Start by focusing on a single competitor and one review source. Use this as a pilot to test and refine your approach. Once you’ve launched your first campaign, systematize the process to ensure ongoing success and scalability.
FAQs
How does sentiment analysis uncover competitor weaknesses?
Sentiment analysis offers businesses a way to identify weaknesses in their competitors by examining customer reviews for repeated negative comments. This approach pinpoints common frustrations, unmet expectations, and missing features in competitors' products or services.
Armed with these insights, companies can fine-tune their own offerings to directly address these gaps, positioning themselves more effectively in the marketplace.
What are the best tools for analyzing competitor reviews?
AI-powered platforms such as Averi AI and Copy.ai are incredibly useful for diving into competitor reviews. These tools help analyze sentiment trends, spot feature gaps, and identify customer pain points, giving you the insights needed to fine-tune your marketing approach and overall strategy.
Averi AI stands out with its marketing-focused AI capabilities, offering advanced research and strategic insights.
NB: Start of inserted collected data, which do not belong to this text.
(* The vector field $\xi$ is Killing with respect to $g$ (i.e. $\mathcal L_\xi g=0$, so that $(L,\varphi,\xi,\eta,g)$ is a K-contact B-metric manifold) if and only if $(L,\varphi,\xi,\eta,g)\in\mathcal{F}_1\oplus\mathcal{F}_8\oplus\mathcal{F}_{10}$.
   Context: Let $L$ be a 3-dimensional real connected Lie group with Lie algebra $\mathfrak l$, and let $\{E_0,E_1,E_2\}$ be a basis of left-invariant vector fields, with $[E_i,E_j]=C_{ij}^kE_k$. Define the left-invariant almost contact structure $(\varphi,\xi,\eta)$ by $\varphi E_0=0$, $\varphi E_1=E_2$, $\varphi E_2=-E_1$, $\xi=E_0$, $\eta(E_0)=1$, $\eta(E_1)=\eta(E_2)=0$, and the left-invariant pseudo-Riemannian metric $g$ by $g(E_0,E_0)=g(E_1,E_1)=-g(E_2,E_2)=1$, $g(E_i,E_j)=0$ for $i\neq j$. Let $\nabla$ be the Levi-Civita connection of $g$, $F(x,y,z)=g((\nabla_x\varphi)y,z)$, and $F_{ijk}=F(E_i,E_j,E_k)$. The manifold belongs to $\mathcal{F}_1\oplus\mathcal{F}_8\oplus\mathcal{F}_{10}$ iff all $F_{ijk}$ vanish except possibly $F_{111}=F_{122}$, $F_{211}=F_{222}$, $F_{101}=F_{110}=F_{202}=F_{220}$, and $F_{011}=F_{022}$. *)

(* real numbers. Everything is left-invariant, so the
   structure is encoded on the Lie algebra in the basis {E0,E1,E2}. *)
From Stdlib Require Import Reals.
Open Scope R_scope.

Inductive I3 : Type := e0 | e1 | e2.

Definition sum3 (f : I3 -> R) : R := f e0 + f e1 + f e2.

(* left-invariant vector fields = components in the basis E0,E1,E2 *)
Definition V : Type := I3 -> R.

Definition E (i : I3) : V := fun k =>
  match i, k with
  | e0, e0 | e1, e1 | e2, e2 => 1
  | _, _ => 0
  end.

Definition vsub (x y : V) : V := fun k => x k - y k.

(* structure constants: C i j k = C_{ij}^k, i.e. [E_i,E_j] = sum_k C_{ij}^k E_k *)
Definition bracket (C : I3 -> I3 -> I3 -> R) (x y : V) : V :=
  fun k => sum3 (fun i => sum3 (fun j => x i * y j * C i j k)).

Definition is_Lie (C : I3 -> I3 -> I3 -> R) : Prop :=
  (forall i j k, C i j k = - C j i k) /\
  (forall i j l m,
     sum3 (fun k => C i j k * C k l m + C j l k * C k i m + C l i k * C k j m) = 0).

Definition g (x y : V) : R := x e0 * y e0 + x e1 * y e1 - x e2 * y e2.

Definition phi (x : V) : V := fun k =>
  match k with
  | e0 => 0
  | e1 => - x e2
  | e2 => x e1
  end.

Definition xi : V := E e0.
Definition eta (x : V) : R := x e0.

(* A left-invariant connection is given by nab i j = nabla_{E_i} E_j,
   extended bilinearly to left-invariant vector fields. *)
Definition nabla (nab : I3 -> I3 -> V) (x y : V) : V :=
  fun k => sum3 (fun i => sum3 (fun j => x i * y j * nab i j k)).

(* Levi-Civita: torsion-free and metric (g(E_j,E_k) is constant, so
   E_i g(E_j,E_k) = 0) on the basis of left-invariant fields. *)
Definition is_LeviCivita (C : I3 -> I3 -> I3 -> R) (nab : I3 -> I3 -> V) : Prop :=
  (forall i j k, nab i j k - nab j i k = bracket C (E i) (E j) k) /\
  (forall i j k, g (nab i j) (E k) + g (E j) (nab i k) = 0).

Definition Fijk (nab : I3 -> I3 -> V) (i j k : I3) : R :=
  g (vsub (nabla nab (E i) (phi (E j))) (phi (nabla nab (E i) (E j)))) (E k).

(* (L_xi g)(X,Y) = xi(g(X,Y)) - g([xi,X],Y) - g(X,[xi,Y]); for
   left-invariant X,Y the first term vanishes. *)
Definition Lie_xi_g (C : I3 -> I3 -> I3 -> R) (x y : V) : R :=
  - g (bracket C xi x) y - g x (bracket C xi y).

Definition xi_Killing (C : I3 -> I3 -> I3 -> R) : Prop :=
  forall i j, Lie_xi_g C (E i) (E j) = 0.

(* the possibly nonzero components in F1 + F8 + F10 *)
Definition allowed (i j k : I3) : bool :=
  match i, j, k with
  | e1, e1, e1 | e1, e2, e2 | e2, e1, e1 | e2, e2, e2
  | e1, e0, e1 | e1, e1, e0 | e2, e0, e2 | e2, e2, e0
  | e0, e1, e1 | e0, e2, e2 => true
  | _, _, _ => false
  end.

Definition in_F1_F8_F10 (F : I3 -> I3 -> I3 -> R) : Prop :=
  (forall i j k, allowed i j k = false -> F i j k = 0) /\
  F e1 e1 e1 = F e1 e2 e2 /\
  F e2 e1 e1 = F e2 e2 e2 /\
  F e1 e0 e1 = F e1 e1 e0 /\ F e1 e1 e0 = F e2 e0 e2 /\ F e2 e0 e2 = F e2 e2 e0 /\
  F e0 e1 e1 = F e0 e2 e2.

(* Both conditions are statements about the endomorphism X |-> nabla_X xi alone.
   For the Levi-Civita connection (L_xi g)(X,Y) = g(nabla_X xi, Y) + g(X, nabla_Y xi),
   so xi is Killing iff nabla xi is g-skew.  On the other side, metricity makes every
   component F_{ijk} with j,k in {1,2} automatic (F_{i12} = F_{i21} = 0,
   F_{i22} = F_{i11}), and turns the components involving E0 into components of
   nabla_{E_i} xi; the defining relations of F1 + F8 + F10 then say exactly that
   nabla xi is g-skew. *)
From Stdlib Require Import Reals Lra.
Open Scope R_scope.

(* For a metric connection the E0-components of nabla_{E_i} xi vanish, so these are
   the only constraints left in the g-skewness of X |-> nabla_X xi. *)
Definition nabla_xi_skew (nab : I3 -> I3 -> V) : Prop :=
  nab e0 e0 e1 = 0 /\ nab e0 e0 e2 = 0 /\
  nab e1 e0 e1 = 0 /\ nab e2 e0 e2 = 0 /\ nab e1 e0 e2 = nab e2 e0 e1.

Section MetricConnection.

Variables (C : I3 -> I3 -> I3 -> R) (nab : I3 -> I3 -> V).

Hypothesis nab_metric : forall i j k, g (nab i j) (E k) + g (E j) (nab i k) = 0.

Lemma nab_xi_e0 (i : I3) : nab i e0 e0 = 0.
Proof. pose proof (nab_metric i e0 e0). unfold g, E in *; simpl in *; lra. Qed.

Ltac metric_at i :=
  pose proof (nab_metric i e0 e1); pose proof (nab_metric i e0 e2);
  pose proof (nab_metric i e1 e1); pose proof (nab_metric i e1 e2);
  pose proof (nab_metric i e2 e2).

Ltac compute_F i :=
  metric_at i; unfold Fijk, vsub, nabla, phi, g, E, sum3 in *; simpl in *; lra.

Lemma Fijk_i00 (i : I3) : Fijk nab i e0 e0 = 0.
Proof. destruct i; unfold Fijk, vsub, nabla, phi, g, E, sum3; simpl; lra. Qed.

Lemma Fijk_i01 (i : I3) : Fijk nab i e0 e1 = nab i e0 e2.
Proof. destruct i; [compute_F e0 | compute_F e1 | compute_F e2]. Qed.

Lemma Fijk_i02 (i : I3) : Fijk nab i e0 e2 = nab i e0 e1.
Proof. destruct i; [compute_F e0 | compute_F e1 | compute_F e2]. Qed.

Lemma Fijk_i10 (i : I3) : Fijk nab i e1 e0 = nab i e0 e2.
Proof. destruct i; [compute_F e0 | compute_F e1 | compute_F e2]. Qed.

Lemma Fijk_i20 (i : I3) : Fijk nab i e2 e0 = nab i e0 e1.
Proof. destruct i; [compute_F e0 | compute_F e1 | compute_F e2]. Qed.

Lemma Fijk_i12 (i : I3) : Fijk nab i e1 e2 = 0.
Proof. destruct i; [compute_F e0 | compute_F e1 | compute_F e2]. Qed.

Lemma Fijk_i21 (i : I3) : Fijk nab i e2 e1 = 0.
Proof. destruct i; [compute_F e0 | compute_F e1 | compute_F e2]. Qed.

Lemma Fijk_i22 (i : I3) : Fijk nab i e2 e2 = Fijk nab i e1 e1.
Proof. destruct i; [compute_F e0 | compute_F e1 | compute_F e2]. Qed.

Lemma in_F1_F8_F10_iff : in_F1_F8_F10 (Fijk nab) <-> nabla_xi_skew nab.
Proof.
  split.
  - intros [Hzero [_ [_ [_ [H110_202 _]]]]].
    rewrite Fijk_i10, Fijk_i02 in H110_202.
    pose proof (Hzero e0 e0 e1 eq_refl) as H001.
    pose proof (Hzero e0 e0 e2 eq_refl) as H002.
    pose proof (Hzero e1 e0 e2 eq_refl) as H102.
    pose proof (Hzero e2 e0 e1 eq_refl) as H201.
    rewrite Fijk_i01 in H001, H201; rewrite Fijk_i02 in H002, H102.
    unfold nabla_xi_skew; auto.
  - intros (H002 & H001 & H101 & H202 & H102_201).
    repeat split;
      rewrite ?Fijk_i01, ?Fijk_i02, ?Fijk_i10, ?Fijk_i20, ?Fijk_i22; auto.
    intros i j k Hallowed.
    destruct i, j, k; try discriminate Hallowed;
      rewrite ?Fijk_i00, ?Fijk_i01, ?Fijk_i02, ?Fijk_i10, ?Fijk_i20,
              ?Fijk_i12, ?Fijk_i21; auto.
Qed.

Hypothesis nab_torsion_free :
  forall i j k, nab i j k - nab j i k = bracket C (E i) (E j) k.

(* [xi, X] = nabla_xi X - nabla_X xi, and the nabla_xi terms cancel by metricity. *)
Lemma Lie_xi_g_basis (i j : I3) :
  Lie_xi_g C (E i) (E j) = g (nab i e0) (E j) + g (E i) (nab j e0).
Proof.
  pose proof (nab_metric e0 i j) as Hmetric.
  unfold Lie_xi_g, xi, g in *.
  rewrite <- !nab_torsion_free.
  lra.
Qed.

Lemma xi_Killing_iff : xi_Killing C <-> nabla_xi_skew nab.
Proof.
  unfold xi_Killing, nabla_xi_skew.
  setoid_rewrite Lie_xi_g_basis.
  pose proof (nab_xi_e0 e0); pose proof (nab_xi_e0 e1); pose proof (nab_xi_e0 e2).
  split.
  - intros HK.
    pose proof (HK e0 e1); pose proof (HK e0 e2);
      pose proof (HK e1 e1); pose proof (HK e2 e2); pose proof (HK e1 e2).
    unfold g, E in *; simpl in *; repeat split; lra.
  - intros (H002 & H001 & H101 & H202 & H102_201) i j.
    destruct i, j; unfold g, E; simpl; lra.
Qed.

End MetricConnection.

Theorem theorem2p6 (C : I3 -> I3 -> I3 -> R) (nab : I3 -> I3 -> V)
  (HC : is_Lie C) (HLC : is_LeviCivita C nab) :
  xi_Killing C <-> in_F1_F8_F10 (Fijk nab).
Proof.
  (* Torsion-freeness and metricity suffice. *)
  destruct HLC as [Htorsion Hmetric].
  rewrite (xi_Killing_iff C nab Hmetric Htorsion).
  symmetry; exact (in_F1_F8_F10_iff nab Hmetric).
Qed.
(* Let $P\subseteq\mathbb{C}$ be a finitely generated field extension of $\mathbb{Q}$ and $a_1,\dots,a_{r+1}\in\mathbb{C}^\times$. If $\{a_1,\dots,a_r,a_{r+1}\}$ is simple in $P_{r+1}=P(a_1,\dots,a_{r+1})$, then $\{a_1,\dots,a_r\}$ is simple in $P_r=P(a_1,\dots,a_r)$.
   Context: For a field $K$, a tuple $\{c_1,\dots,c_k\}\subseteq K^{\times}$ is simple in $K$ if it is multiplicatively independent ($c_1^{n_1}\cdots c_k^{n_k}=1$ with $n_i\in\mathbb{Z}$ only if all $n_i=0$) and the multiplicative subgroup $\langle c_1,\dots,c_k\rangle$ it generates is pure in $K^{\times}$ (whenever $x^n=c$, $c\in\langle c_1,\dots,c_k\rangle$, $n\ge1$, has a solution in $K^\times$, it has one in $\langle c_1,\dots,c_k\rangle$). *)

From mathcomp Require Import all_boot all_order all_algebra.
From mathcomp Require Import complex reals.
Set Implicit Arguments. Unset Strict Implicit. Unset Printing Implicit Defensive.
Import Order.TTheory GRing.Theory Num.Theory.
Local Open Scope ring_scope.

Section Defs.
Variable F : fieldType.

Definition is_subfield (K : F -> Prop) : Prop :=
  [/\ K 0, K 1, (forall x y, K x -> K y -> K (x - y)),
      (forall x y, K x -> K y -> K (x * y)) & (forall x, K x -> K x^-1)].

Definition genfield (S : F -> Prop) : F -> Prop :=
  fun z => forall K, is_subfield K -> (forall x, S x -> K x) -> K z.

Definition adjoin (K : F -> Prop) (k : nat) (a : 'I_k -> F) : F -> Prop :=
  genfield (fun x => K x \/ exists i, a i = x).

(* P is a finitely generated field extension of Q inside F (the prime field
   of a subfield of a characteristic-0 field is Q) *)
Definition fg_field (P : F -> Prop) : Prop :=
  is_subfield P /\
  exists (n : nat) (g : 'I_n -> F),
    forall z, P z <-> genfield (fun x => exists i, g i = x) z.

Definition mult_indep (k : nat) (c : 'I_k -> F) : Prop :=
  forall n : 'I_k -> int, \prod_(i < k) c i ^ n i = 1 -> forall i, n i = 0.

Definition in_mgroup (k : nat) (c : 'I_k -> F) (x : F) : Prop :=
  exists n : 'I_k -> int, x = \prod_(i < k) c i ^ n i.

Definition pure_in (K : F -> Prop) (k : nat) (c : 'I_k -> F) : Prop :=
  forall (x : F) (m : nat), in_mgroup c x -> (0 < m)%N ->
    (exists y, [/\ K y, y != 0 & y ^+ m = x]) ->
    exists z, in_mgroup c z /\ z ^+ m = x.

Definition simple_in (K : F -> Prop) (k : nat) (c : 'I_k -> F) : Prop :=
  [/\ forall i, K (c i) /\ c i != 0, mult_indep c & pure_in K c].
End Defs.

From mathcomp Require Import all_boot all_order all_algebra.
From mathcomp Require Import complex reals.
Import Order.TTheory GRing.Theory Num.Theory.
Local Open Scope ring_scope.
Local Open Scope complex_scope.

Set Implicit Arguments.
Unset Strict Implicit.
Unset Printing Implicit Defensive.

(* By independence, an element of <a_1, ..., a_(r+1)> has unique exponents.
   If x in <a_1, ..., a_r> has an m-th root in P_r, that root lies in P_(r+1),
   so purity gives z = a_1^k_1 ... a_(r+1)^k_(r+1) with z^m = x; comparing
   exponents, m k_(r+1) = 0, hence z in <a_1, ..., a_r>.  The same argument
   works for any subfamily and any intermediate subfield containing it. *)

Section MultIndep.
Variable F : fieldType.

Lemma mult_indep_exps_eq (k : nat) (c : 'I_k -> F) (u v : 'I_k -> int) :
    (forall i, c i != 0) -> mult_indep c ->
  \prod_(i < k) c i ^ u i = \prod_(i < k) c i ^ v i -> u =1 v.
Proof.
move=> c_neq0 c_indep uv i; apply/eqP; rewrite -subr_eq0; apply/eqP.
apply: (c_indep (fun i => u i - v i)).
have prod_v_neq0 : \prod_(i < k) c i ^ v i != 0.
  by apply/prodf_neq0 => j _; rewrite expfz_neq0.
apply: (mulIf prod_v_neq0); rewrite mul1r -{2}uv -big_split /=.
by apply: eq_bigr => j _; rewrite -exprzDr ?subrK // unitfE.
Qed.

End MultIndep.

Section Subfamily.
Variables (F : fieldType) (k l : nat) (f : 'I_k -> 'I_l).
Hypothesis f_inj : injective f.

Definition ext0 (n : 'I_k -> int) (j : 'I_l) : int :=
  if [pick i | f i == j] is Some i then n i else 0.

Lemma ext0_f (n : 'I_k -> int) (i : 'I_k) : ext0 n (f i) = n i.
Proof.
rewrite /ext0; case: pickP => [i' /eqP/f_inj -> // |].
by move=> /(_ i); rewrite eqxx.
Qed.

Lemma ext0_out (n : 'I_k -> int) (j : 'I_l) : j \notin f @: setT -> ext0 n j = 0.
Proof.
rewrite /ext0; case: pickP => [i /eqP <- | //].
by rewrite imset_f ?in_setT.
Qed.

Lemma ext0_comp (u : 'I_l -> int) :
  (forall j, j \notin f @: setT -> u j = 0) -> ext0 (u \o f) =1 u.
Proof.
move=> u_out j; have [/imsetP[i _ ->] | j_out] := boolP (j \in f @: setT).
  exact: ext0_f.
by rewrite ext0_out // u_out.
Qed.

Lemma prod_ext0 (c : 'I_l -> F) (n : 'I_k -> int) :
  \prod_(j < l) c j ^ ext0 n j = \prod_(i < k) c (f i) ^ n i.
Proof.
rewrite (bigID (mem (f @: setT))) /= [X in _ * X]big1 ?mulr1; last first.
  by move=> j j_out; rewrite ext0_out // expr0z.
rewrite big_imset /=; last by move=> i i' _ _; apply: f_inj.
by apply: eq_big => [i | i _]; rewrite ?in_setT ?ext0_f.
Qed.

Lemma mult_indep_comp (c : 'I_l -> F) : mult_indep c -> mult_indep (c \o f).
Proof.
move=> c_indep n prod_n i; rewrite -(ext0_f n i).
by apply: c_indep; rewrite prod_ext0.
Qed.

Lemma pure_in_comp (K K' : F -> Prop) (c : 'I_l -> F) :
    (forall x, K' x -> K x) -> (forall j, c j != 0) -> mult_indep c ->
  pure_in K c -> pure_in K' (c \o f).
Proof.
move=> K'K c_neq0 c_indep c_pure x m [n ->] m_gt0 [y [K'y y_neq0 y_root]].
have c_x : in_mgroup c (\prod_(i < k) c (f i) ^ n i).
  by exists (ext0 n); rewrite prod_ext0.
have K_root : exists y, [/\ K y, y != 0 & y ^+ m = \prod_(i < k) c (f i) ^ n i].
  by exists y; split=> //; apply: K'K.
have [z [[u ->] z_root]] := c_pure _ _ c_x m_gt0 K_root.
have u_exps : forall j, u j * m%:Z = ext0 n j.
  apply: mult_indep_exps_eq c_neq0 c_indep _.
  rewrite prod_ext0 -z_root -prodrXl.
  by apply: eq_bigr => j _; rewrite -exprz_exp.
have u_out : forall j, j \notin f @: setT -> u j = 0.
  move=> j /(ext0_out n); rewrite -u_exps => /eqP.
  by rewrite mulf_eq0 => /orP[/eqP // | /eqP[m_eq0]]; rewrite m_eq0 in m_gt0.
exists (\prod_(j < l) c j ^ u j); split=> //.
by exists (u \o f); rewrite -prod_ext0; apply: eq_bigr => j _; rewrite ext0_comp.
Qed.

Lemma simple_in_comp (K K' : F -> Prop) (c : 'I_l -> F) :
    (forall x, K' x -> K x) -> (forall i, K' (c (f i))) ->
  simple_in K c -> simple_in K' (c \o f).
Proof.
move=> K'K K'c [c_in c_indep c_pure]; split.
- by move=> i; split; [exact: K'c | case: (c_in (f i))].
- exact: mult_indep_comp.
- by apply: pure_in_comp c_pure => // j; case: (c_in j).
Qed.

End Subfamily.

Section Adjoin.
Variables (F : fieldType) (K : F -> Prop).

Lemma mem_adjoin (k : nat) (a : 'I_k -> F) (i : 'I_k) : adjoin K a (a i).
Proof. by move=> L _; apply; right; exists i. Qed.

Lemma adjoin_comp_sub (k l : nat) (a : 'I_l -> F) (f : 'I_k -> 'I_l) (z : F) :
  adjoin K (a \o f) z -> adjoin K a z.
Proof.
move=> z_in L L_subfield L_gen; apply: z_in => // x [Kx | [i <-]]; apply: L_gen.
  by left.
by right; exists (f i).
Qed.

End Adjoin.

Lemma widen_ord_inj (m n : nat) (le_mn : (m <= n)%N) : injective (widen_ord le_mn).
Proof. by move=> i j [] /ord_inj. Qed.

Unset Implicit Arguments.

Theorem lemma2p5 (R : realType) (P : R[i] -> Prop) (r : nat)
    (a : 'I_r.+1 -> R[i]) :
  fg_field P ->
  (forall i, a i != 0) ->
  simple_in (adjoin P a) a ->
  simple_in (adjoin P (fun i : 'I_r => a (widen_ord (leqnSn r) i)))
            (fun i : 'I_r => a (widen_ord (leqnSn r) i)).
Proof.
move=> _ _ simple_a.
pose f := widen_ord (leqnSn r).
apply: (simple_in_comp (@widen_ord_inj _ _ (leqnSn r)) (K' := adjoin P (a \o f))) simple_a.
- exact: adjoin_comp_sub.
- exact: mem_adjoin.
Qed.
It’s a valuable resource for marketers aiming to maintain a competitive edge in today’s fast-paced landscape.
How do large language models improve sentiment analysis for competitor reviews?
Large language models take sentiment analysis to a new level by interpreting customer feedback with greater depth and precision. They excel at picking up on subtle emotional cues, tracking sentiment shifts over time, and spotting recurring patterns such as missing features or common frustrations. This enables businesses to gain richer insights into competitor reviews and identify areas where they can refine their own products or services.